Injustice - Developers Among Us (SciFiDevCon 2024)Allon Mureinik
 
The Codex of Business Writing Software for Real-World Solutions 2.pptx
The Codex of Business Writing Software for Real-World Solutions 2.pptxThe Codex of Business Writing Software for Real-World Solutions 2.pptx
The Codex of Business Writing Software for Real-World Solutions 2.pptxMalak Abu Hammad
 
08448380779 Call Girls In Civil Lines Women Seeking Men
08448380779 Call Girls In Civil Lines Women Seeking Men08448380779 Call Girls In Civil Lines Women Seeking Men
08448380779 Call Girls In Civil Lines Women Seeking MenDelhi Call girls
 
Boost PC performance: How more available memory can improve productivity
Boost PC performance: How more available memory can improve productivityBoost PC performance: How more available memory can improve productivity
Boost PC performance: How more available memory can improve productivityPrincipled Technologies
 
04-2024-HHUG-Sales-and-Marketing-Alignment.pptx
04-2024-HHUG-Sales-and-Marketing-Alignment.pptx04-2024-HHUG-Sales-and-Marketing-Alignment.pptx
04-2024-HHUG-Sales-and-Marketing-Alignment.pptxHampshireHUG
 
08448380779 Call Girls In Greater Kailash - I Women Seeking Men
08448380779 Call Girls In Greater Kailash - I Women Seeking Men08448380779 Call Girls In Greater Kailash - I Women Seeking Men
08448380779 Call Girls In Greater Kailash - I Women Seeking MenDelhi Call girls
 
Driving Behavioral Change for Information Management through Data-Driven Gree...
Driving Behavioral Change for Information Management through Data-Driven Gree...Driving Behavioral Change for Information Management through Data-Driven Gree...

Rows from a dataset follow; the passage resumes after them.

(* Let $p$ be an odd prime, $t,l\ge1$ odd integers, $0\le a\le b$ integers, $r=p^a(p-1)+l$, $s=p^b(p-1)+l$. Fix $k$ with $0\le k\le\lfloor t/2\rfloor$ and let $x=v_p\!\left(\binom t{2k}\frac{(2k)!}{k!(-24)^k}\right)$. Then for every $n\ge0$, $$(1-p^r)\binom t{2k}\frac{n!\,S_r^{(n+1)}(2k)!}{k!(-24)^k}\equiv(1-p^s)\binom t{2k}\frac{n!\,S_s^{(n+1)}(2k)!}{k!(-24)^k}\pmod{p^{a+x+1}},$$ meaning the difference of the two rational numbers has $p$-adic valuation at least $a+x+1$.
   Context: $S_r^{(n+1)}=\frac1{n!}\sum_{j=0}^{n}\binom nj(-1)^{n+j}(j+1)^{r-1}$. $v_p$ is the $p$-adic valuation on $\mathbb Q$. *)

From mathcomp Require Import all_boot all_order all_algebra.
Set Implicit Arguments. Unset Strict Implicit. Unset Printing Implicit Defensive.
Import Order.TTheory GRing.Theory Num.Theory.
Local Open Scope ring_scope.

(* S_r^{(n+1)} = 1/n! * sum_{j=0}^n C(n,j) (-1)^(n+j) (j+1)^(r-1), as a rational.
   [S r n] denotes S_r^{(n+1)}. *)
Definition S (r n : nat) : rat :=
  (n`!%:R)^-1 * \sum_(j < n.+1)
     ('C(n, j)%:R * (-1) ^+ (n + j) * (j.+1)%:R ^+ (r.-1)).

(* p-adic valuation of a nonzero rational number (value 0 at q = 0, never used
   there: see [vp_ge]). *)
Definition vp (p : nat) (q : rat) : int :=
  (logn p `|numq q|%N)%:Z - (logn p `|denq q|%N)%:Z.

(* v_p(q) >= m, with the convention v_p(0) = +oo. *)
Definition vp_ge (p : nat) (m : int) (q : rat) : bool :=
  (q == 0) || (m <= vp p q).

From mathcomp Require Import all_boot all_order all_algebra.
From mathcomp Require Import cyclic.
From mathcomp Require Import zify ring.
Import Order.TTheory GRing.Theory Num.Theory.
Local Open Scope ring_scope.

(* Write [nS r n = n! * S r n]; it is the integer
   sum_j C(n,j) (-1)^(n+j) (j+1)^(r-1).  For r = p^a(p-1)+l and
   s = p^b(p-1)+l with a <= b, the exponents r-1 and s-1 differ by a
   multiple of phi(p^(a+1)) = p^a(p-1) and both are at least a+1, so every
   power (j+1)^(r-1) is congruent to (j+1)^(s-1) modulo p^(a+1): by Euler's
   theorem when p does not divide j+1, and because both sides vanish
   otherwise.  Hence p^(a+1) divides nS r n - nS s n, and also p^r and p^s,
   so it divides z = (1-p^r) nS r n - (1-p^s) nS s n.  The quantity of the
   theorem is c * z, with c the rational prefactor, and the valuation of
   c * z is v_p(c) + v_p(z) >= v_p(c) + a + 1.
   The file proves the power congruence, the divisibility of z, a valuation
   lemma for products c * z with z an integer, and then assembles them. *)

(* The exponent p^a(p-1) = phi(p^(a+1)) exceeds a; this is what makes the
   powers of a multiple of p vanish modulo p^(a+1). *)
Lemma lt_exp_totient (p a : nat) : prime p -> (a < p ^ a * (p - 1))%N.
Proof.
move=> pp; have p1 := prime_gt1 pp.
have := ltn_expl a p1.
have : (p ^ a <= p ^ a * (p - 1))%N by rewrite leq_pmulr //; lia.
lia.
Qed.

Lemma expn_totient_congr (p a b e m : nat) : prime p -> (a <= b)%N ->
  (m ^ (p ^ a * (p - 1) + e) = m ^ (p ^ b * (p - 1) + e) %[mod p ^ a.+1])%N.
Proof.
move=> pp ab; have [cop | ncop] := boolP (coprime m p).
  have euler : (m ^ (p ^ a * (p - 1)) = 1 %[mod p ^ a.+1])%N.
    have phi : totient (p ^ a.+1) = (p ^ a * (p - 1))%N.
      by rewrite totient_pfactor // mulnC subn1.
    by rewrite -phi; apply: Euler_exp_totient; rewrite coprimeXr.
  have -> : (p ^ b * (p - 1) = p ^ a * (p - 1) * p ^ (b - a))%N.
    by rewrite mulnAC -expnD subnKC.
  rewrite !expnD [(m ^ (_ * p ^ _))%N]expnM -modnMml euler modnMml mul1n.
  have euler_pow : ((m ^ (p ^ a * (p - 1))) ^ p ^ (b - a) = 1 %[mod p ^ a.+1])%N.
    by rewrite -modnXm euler modnXm exp1n.
  by rewrite -modnMml euler_pow modnMml mul1n.
have pm : (p %| m)%N by move: ncop; rewrite coprime_sym prime_coprime // negbK.
have vanish x : (a < x)%N -> (m ^ x = 0 %[mod p ^ a.+1])%N.
  move=> ax; apply/eqP; rewrite mod0n.
  exact: dvdn_trans (dvdn_exp2r a.+1 pm) (dvdn_exp2l m ax).
have := lt_exp_totient p a pp; have := lt_exp_totient p b pp => hb ha.
by rewrite !vanish //; lia.
Qed.

Definition nS (r n : nat) : int :=
  \sum_(j < n.+1) ('C(n, j)%:Z * (-1) ^+ (n + j) * (j.+1 ^ r.-1)%N%:Z).

Lemma fact_mul_S (r n : nat) : n`!%:R * S r n = (nS r n)%:~R :> rat.
Proof.
rewrite /S mulrA mulfV ?mul1r; last by rewrite pnatr_eq0 -lt0n fact_gt0.
rewrite /nS rmorph_sum; apply: eq_bigr => j _.
rewrite !rmorphM /= rmorphXn /= rmorphN1.
by congr (_ * _); rewrite -!pmulrn natrX.
Qed.

Lemma nS_congr (p a b l n : nat) : prime p -> (a <= b)%N -> (0 < l)%N ->
  ((p ^ a.+1)%N%:Z %| nS (p ^ a * (p - 1) + l) n - nS (p ^ b * (p - 1) + l) n)%Z.
Proof.
move=> pp ab; case: l => // e _.
rewrite /nS -sumrB; apply: rpred_sum => j _.
rewrite -mulrBr; apply: dvdz_mull.
rewrite -eqz_mod_dvd !modz_nat !addnS /=.
by apply/eqP; congr Posz; exact: expn_totient_congr.
Qed.

Lemma Euler_factor_dvd (p a r s n : nat) : (a < r)%N -> (a < s)%N ->
  ((p ^ a.+1)%N%:Z %| nS r n - nS s n)%Z ->
  ((p ^ a.+1)%N%:Z %|
     (1 - (p ^ r)%N%:Z) * nS r n - (1 - (p ^ s)%N%:Z) * nS s n)%Z.
Proof.
move=> a_lt_r a_lt_s dvd_diff.
have dvd_pow u : (a < u)%N -> ((p ^ a.+1)%N%:Z %| (p ^ u)%N%:Z)%Z.
  by move=> au; rewrite dvdzE; apply: dvdn_exp2l.
have -> : (1 - (p ^ r)%N%:Z) * nS r n - (1 - (p ^ s)%N%:Z) * nS s n
    = (nS r n - nS s n) - ((p ^ r)%N%:Z * nS r n - (p ^ s)%N%:Z * nS s n).
  by ring.
by apply: rpredB => //; apply: rpredB; apply: dvdz_mulr; apply: dvd_pow.
Qed.

Lemma vp_ratio (p : nat) (x y : int) : x != 0 -> y != 0 ->
  vp p (x%:~R / y%:~R) = (logn p `|x|%N)%:Z - (logn p `|y|%N)%:Z.
Proof.
move=> x0 y0; set q := x%:~R / y%:~R.
have cross : numq q * y = x * denq q.
  apply: (@intr_inj rat); rewrite !intrM.
  have xq : q * y%:~R = x%:~R by rewrite /q divfK ?intr_eq0.
  have nq : q * (denq q)%:~R = (numq q)%:~R.
    by rewrite -{1}(divq_num_den q) divfK // intr_eq0 denq_neq0.
  by rewrite -xq -nq mulrAC.
have q0 : q != 0 by rewrite mulf_eq0 invr_eq0 !intr_eq0 negb_or x0 y0.
have := congr1 (fun z : int => logn p `|z|%N) cross; rewrite /= !abszM.
rewrite !lognM ?absz_gt0 ?numq_eq0 ?denq_neq0 // /vp; lia.
Qed.

Lemma vp_ge_mul_int (p m : nat) (c : rat) (z : int) : prime p ->
  ((p ^ m)%N%:Z %| z)%Z -> vp_ge p (m%:Z + vp p c) (c * z%:~R).
Proof.
move=> pp dz; rewrite /vp_ge.
have [->|c0] := eqVneq c 0; first by rewrite mul0r eqxx.
have [->|z0] := eqVneq z 0; first by rewrite mulr0 eqxx.
apply/orP; right.
have -> : c * z%:~R = (numq c * z)%:~R / (denq c)%:~R.
  by rewrite intrM mulrAC -[c in LHS]divq_num_den.
rewrite vp_ratio ?mulf_neq0 ?numq_eq0 ?denq_neq0 //.
rewrite abszM lognM ?absz_gt0 ?numq_eq0 //.
have : (m <= logn p `|z|)%N.
  by rewrite -pfactor_dvdn ?absz_gt0 // -(dvdzE (p ^ m)%N%:Z).
rewrite /vp; lia.
Qed.

Theorem mainTheorem7 (p t l a b k : nat) :
  prime p -> odd p -> (0 < t)%N -> odd t -> (0 < l)%N -> odd l ->
  (a <= b)%N -> (k <= t./2)%N ->
  let r := (p ^ a * (p - 1) + l)%N in
  let s := (p ^ b * (p - 1) + l)%N in
  let c : rat := 'C(t, 2 * k)%:R * (2 * k)`!%:R / (k`!%:R * (-24) ^+ k) in
  let x := vp p c in
  forall n : nat,
    vp_ge p (a%:Z + x + 1)
      ((1 - p%:R ^+ r) * ('C(t, 2 * k)%:R * (n`!%:R * S r n * (2 * k)`!%:R)
                           / (k`!%:R * (-24) ^+ k))
       - (1 - p%:R ^+ s) * ('C(t, 2 * k)%:R * (n`!%:R * S s n * (2 * k)`!%:R)
                           / (k`!%:R * (-24) ^+ k))).
Proof.
move=> pp _ _ _ l0 _ ab _ r s c x n.
set z : int := (1 - (p ^ r)%N%:Z) * nS r n - (1 - (p ^ s)%N%:Z) * nS s n.
have -> : (1 - p%:R ^+ r) * ('C(t, 2 * k)%:R * (n`!%:R * S r n * (2 * k)`!%:R)
                           / (k`!%:R * (-24) ^+ k))
       - (1 - p%:R ^+ s) * ('C(t, 2 * k)%:R * (n`!%:R * S s n * (2 * k)`!%:R)
                           / (k`!%:R * (-24) ^+ k)) = c * z%:~R.
  rewrite !fact_mul_S /z /c rmorphB !rmorphM /= !rmorphB /= rmorph1.
  by rewrite -!pmulrn !natrX; ring.
have -> : a%:Z + x + 1 = a.+1%:Z + x by lia.
apply/vp_ge_mul_int/Euler_factor_dvd; first exact: pp.
- by have := lt_exp_totient p a pp; rewrite /r; lia.
- by have := lt_exp_totient p b pp; rewrite /s; lia.
- exact: nS_congr.
Qed.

Driving Behavioral Change for Information Management through Data-Driven Gree...Enterprise Knowledge
 
Data Cloud, More than a CDP by Matt Robison
Data Cloud, More than a CDP by Matt RobisonData Cloud, More than a CDP by Matt Robison
Data Cloud, More than a CDP by Matt RobisonAnna Loughnan Colquhoun
 
Slack Application Development 101 Slides
Slack Application Development 101 SlidesSlack Application Development 101 Slides
Slack Application Development 101 Slidespraypatel2
 
Automating Google Workspace (GWS) & more with Apps Script
Automating Google Workspace (GWS) & more with Apps ScriptAutomating Google Workspace (GWS) & more with Apps Script
Automating Google Workspace (GWS) & more with Apps Scriptwesley chun
 
[2024]Digital Global Overview Report 2024 Meltwater.pdf
[2024]Digital Global Overview Report 2024 Meltwater.pdf[2024]Digital Global Overview Report 2024 Meltwater.pdf
[2024]Digital Global Overview Report 2024 Meltwater.pdfhans926745
 
🐬 The future of MySQL is Postgres 🐘
🐬 The future of MySQL is Postgres 🐘🐬 The future of MySQL is Postgres 🐘
🐬 The future of MySQL is Postgres 🐘RTylerCroy
 
Histor y of HAM Radio presentation slide
Histor y of HAM Radio presentation slideHistor y of HAM Radio presentation slide
Histor y of HAM Radio presentation slidevu2urc
 
GenCyber Cyber Security Day Presentation
GenCyber Cyber Security Day PresentationGenCyber Cyber Security Day Presentation
GenCyber Cyber Security Day PresentationMichael W. Hawkins
 
Neo4j - How KGs are shaping the future of Generative AI at AWS Summit London ...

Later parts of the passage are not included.